WHAT IS REQUIRED
The expected answer is the data below, retyped exactly.

======== DATA PROVIDED

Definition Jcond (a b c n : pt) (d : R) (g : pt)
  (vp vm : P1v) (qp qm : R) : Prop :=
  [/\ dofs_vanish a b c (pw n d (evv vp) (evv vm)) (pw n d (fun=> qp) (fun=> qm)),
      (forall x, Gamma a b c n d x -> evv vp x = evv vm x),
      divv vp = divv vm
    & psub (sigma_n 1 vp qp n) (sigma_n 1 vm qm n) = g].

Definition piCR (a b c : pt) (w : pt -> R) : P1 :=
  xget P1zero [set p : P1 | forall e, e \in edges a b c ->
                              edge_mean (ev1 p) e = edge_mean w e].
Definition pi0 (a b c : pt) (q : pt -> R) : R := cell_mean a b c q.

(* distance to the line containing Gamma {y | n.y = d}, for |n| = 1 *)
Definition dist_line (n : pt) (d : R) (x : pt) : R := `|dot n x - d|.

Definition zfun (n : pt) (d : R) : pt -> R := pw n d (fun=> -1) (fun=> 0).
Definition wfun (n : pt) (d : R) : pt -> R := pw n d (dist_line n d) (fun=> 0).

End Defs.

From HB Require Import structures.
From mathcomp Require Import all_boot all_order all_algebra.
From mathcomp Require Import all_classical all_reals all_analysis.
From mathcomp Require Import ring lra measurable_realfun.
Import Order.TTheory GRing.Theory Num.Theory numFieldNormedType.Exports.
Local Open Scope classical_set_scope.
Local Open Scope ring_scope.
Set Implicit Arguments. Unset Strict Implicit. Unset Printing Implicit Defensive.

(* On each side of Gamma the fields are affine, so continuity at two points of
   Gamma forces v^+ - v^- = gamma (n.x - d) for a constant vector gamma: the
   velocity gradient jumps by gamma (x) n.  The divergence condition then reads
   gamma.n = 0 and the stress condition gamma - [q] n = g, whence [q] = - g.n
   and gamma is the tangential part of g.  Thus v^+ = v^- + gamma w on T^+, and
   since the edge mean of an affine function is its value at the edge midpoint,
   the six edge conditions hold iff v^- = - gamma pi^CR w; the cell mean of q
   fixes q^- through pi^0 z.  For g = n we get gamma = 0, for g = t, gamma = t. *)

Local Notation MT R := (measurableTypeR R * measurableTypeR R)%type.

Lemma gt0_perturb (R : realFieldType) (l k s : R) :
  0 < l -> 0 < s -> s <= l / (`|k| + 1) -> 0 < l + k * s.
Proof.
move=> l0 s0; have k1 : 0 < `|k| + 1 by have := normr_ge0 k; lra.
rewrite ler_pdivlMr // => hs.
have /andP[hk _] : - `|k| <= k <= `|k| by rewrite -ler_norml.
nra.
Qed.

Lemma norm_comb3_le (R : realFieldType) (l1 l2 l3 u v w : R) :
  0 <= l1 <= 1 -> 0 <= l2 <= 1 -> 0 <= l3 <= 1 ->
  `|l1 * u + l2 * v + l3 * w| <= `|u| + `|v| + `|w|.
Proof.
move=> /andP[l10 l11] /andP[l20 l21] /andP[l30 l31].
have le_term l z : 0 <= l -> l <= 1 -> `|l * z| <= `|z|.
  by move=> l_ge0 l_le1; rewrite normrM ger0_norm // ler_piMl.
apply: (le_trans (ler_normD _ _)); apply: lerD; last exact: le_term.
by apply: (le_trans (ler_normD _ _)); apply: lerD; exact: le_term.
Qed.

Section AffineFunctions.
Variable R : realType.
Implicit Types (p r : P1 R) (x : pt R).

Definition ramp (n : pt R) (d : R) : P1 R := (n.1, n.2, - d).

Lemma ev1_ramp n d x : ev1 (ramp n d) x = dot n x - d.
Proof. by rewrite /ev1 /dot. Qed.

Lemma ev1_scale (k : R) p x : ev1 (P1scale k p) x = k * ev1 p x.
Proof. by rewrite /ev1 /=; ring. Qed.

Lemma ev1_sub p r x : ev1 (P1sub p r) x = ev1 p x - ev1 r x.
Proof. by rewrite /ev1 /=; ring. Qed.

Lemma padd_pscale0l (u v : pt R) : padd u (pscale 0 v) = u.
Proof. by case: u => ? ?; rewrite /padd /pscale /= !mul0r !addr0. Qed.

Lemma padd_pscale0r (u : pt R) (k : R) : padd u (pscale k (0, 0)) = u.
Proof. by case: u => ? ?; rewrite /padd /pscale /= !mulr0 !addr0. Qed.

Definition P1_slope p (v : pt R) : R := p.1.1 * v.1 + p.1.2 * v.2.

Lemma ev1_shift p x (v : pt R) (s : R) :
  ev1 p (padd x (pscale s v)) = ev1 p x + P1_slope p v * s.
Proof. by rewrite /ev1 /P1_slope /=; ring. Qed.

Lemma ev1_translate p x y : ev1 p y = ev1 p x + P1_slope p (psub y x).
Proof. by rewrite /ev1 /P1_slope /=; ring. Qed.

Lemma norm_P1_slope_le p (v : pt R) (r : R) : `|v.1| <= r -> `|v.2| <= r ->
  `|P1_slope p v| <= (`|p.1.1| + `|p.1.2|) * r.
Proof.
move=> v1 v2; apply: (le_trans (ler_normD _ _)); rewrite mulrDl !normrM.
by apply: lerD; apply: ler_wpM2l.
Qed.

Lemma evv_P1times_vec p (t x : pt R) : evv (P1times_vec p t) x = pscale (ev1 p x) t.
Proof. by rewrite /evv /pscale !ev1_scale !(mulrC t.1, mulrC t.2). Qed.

================

EXPECTED OUTPUT
Definition Jcond (a b c n : pt) (d : R) (g : pt)
  (vp vm : P1v) (qp qm : R) : Prop :=
  [/\ dofs_vanish a b c (pw n d (evv vp) (evv vm)) (pw n d (fun=> qp) (fun=> qm)),
      (forall x, Gamma a b c n d x -> evv vp x = evv vm x),
      divv vp = divv vm
    & psub (sigma_n 1 vp qp n) (sigma_n 1 vm qm n) = g].

Definition piCR (a b c : pt) (w : pt -> R) : P1 :=
  xget P1zero [set p : P1 | forall e, e \in edges a b c ->
                              edge_mean (ev1 p) e = edge_mean w e].
Definition pi0 (a b c : pt) (q : pt -> R) : R := cell_mean a b c q.

(* distance to the line containing Gamma {y | n.y = d}, for |n| = 1 *)
Definition dist_line (n : pt) (d : R) (x : pt) : R := `|dot n x - d|.

Definition zfun (n : pt) (d : R) : pt -> R := pw n d (fun=> -1) (fun=> 0).
Definition wfun (n : pt) (d : R) : pt -> R := pw n d (dist_line n d) (fun=> 0).

End Defs.

From HB Require Import structures.
From mathcomp Require Import all_boot all_order all_algebra.
From mathcomp Require Import all_classical all_reals all_analysis.
From mathcomp Require Import ring lra measurable_realfun.
Import Order.TTheory GRing.Theory Num.Theory numFieldNormedType.Exports.
Local Open Scope classical_set_scope.
Local Open Scope ring_scope.
Set Implicit Arguments. Unset Strict Implicit. Unset Printing Implicit Defensive.

(* On each side of Gamma the fields are affine, so continuity at two points of
   Gamma forces v^+ - v^- = gamma (n.x - d) for a constant vector gamma: the
   velocity gradient jumps by gamma (x) n.  The divergence condition then reads
   gamma.n = 0 and the stress condition gamma - [q] n = g, whence [q] = - g.n
   and gamma is the tangential part of g.  Thus v^+ = v^- + gamma w on T^+, and
   since the edge mean of an affine function is its value at the edge midpoint,
   the six edge conditions hold iff v^- = - gamma pi^CR w; the cell mean of q
   fixes q^- through pi^0 z.  For g = n we get gamma = 0, for g = t, gamma = t. *)

Local Notation MT R := (measurableTypeR R * measurableTypeR R)%type.

Lemma gt0_perturb (R : realFieldType) (l k s : R) :
  0 < l -> 0 < s -> s <= l / (`|k| + 1) -> 0 < l + k * s.
Proof.
move=> l0 s0; have k1 : 0 < `|k| + 1 by have := normr_ge0 k; lra.
rewrite ler_pdivlMr // => hs.
have /andP[hk _] : - `|k| <= k <= `|k| by rewrite -ler_norml.
nra.
Qed.

Lemma norm_comb3_le (R : realFieldType) (l1 l2 l3 u v w : R) :
  0 <= l1 <= 1 -> 0 <= l2 <= 1 -> 0 <= l3 <= 1 ->
  `|l1 * u + l2 * v + l3 * w| <= `|u| + `|v| + `|w|.
Proof.
move=> /andP[l10 l11] /andP[l20 l21] /andP[l30 l31].
have le_term l z : 0 <= l -> l <= 1 -> `|l * z| <= `|z|.
  by move=> l_ge0 l_le1; rewrite normrM ger0_norm // ler_piMl.
apply: (le_trans (ler_normD _ _)); apply: lerD; last exact: le_term.
by apply: (le_trans (ler_normD _ _)); apply: lerD; exact: le_term.
Qed.

Section AffineFunctions.
Variable R : realType.
Implicit Types (p r : P1 R) (x : pt R).

Definition ramp (n : pt R) (d : R) : P1 R := (n.1, n.2, - d).

Lemma ev1_ramp n d x : ev1 (ramp n d) x = dot n x - d.
Proof. by rewrite /ev1 /dot. Qed.

Lemma ev1_scale (k : R) p x : ev1 (P1scale k p) x = k * ev1 p x.
Proof. by rewrite /ev1 /=; ring. Qed.

Lemma ev1_sub p r x : ev1 (P1sub p r) x = ev1 p x - ev1 r x.
Proof. by rewrite /ev1 /=; ring. Qed.

Lemma padd_pscale0l (u v : pt R) : padd u (pscale 0 v) = u.
Proof. by case: u => ? ?; rewrite /padd /pscale /= !mul0r !addr0. Qed.

Lemma padd_pscale0r (u : pt R) (k : R) : padd u (pscale k (0, 0)) = u.
Proof. by case: u => ? ?; rewrite /padd /pscale /= !mulr0 !addr0. Qed.

Definition P1_slope p (v : pt R) : R := p.1.1 * v.1 + p.1.2 * v.2.

Lemma ev1_shift p x (v : pt R) (s : R) :
  ev1 p (padd x (pscale s v)) = ev1 p x + P1_slope p v * s.
Proof. by rewrite /ev1 /P1_slope /=; ring. Qed.

Lemma ev1_translate p x y : ev1 p y = ev1 p x + P1_slope p (psub y x).
Proof. by rewrite /ev1 /P1_slope /=; ring. Qed.

Lemma norm_P1_slope_le p (v : pt R) (r : R) : `|v.1| <= r -> `|v.2| <= r ->
  `|P1_slope p v| <= (`|p.1.1| + `|p.1.2|) * r.
Proof.
move=> v1 v2; apply: (le_trans (ler_normD _ _)); rewrite mulrDl !normrM.
by apply: lerD; apply: ler_wpM2l.
Qed.

Lemma evv_P1times_vec p (t x : pt R) : evv (P1times_vec p t) x = pscale (ev1 p x) t.
Proof. by rewrite /evv /pscale !ev1_scale !(mulrC t.1, mulrC t.2). Qed.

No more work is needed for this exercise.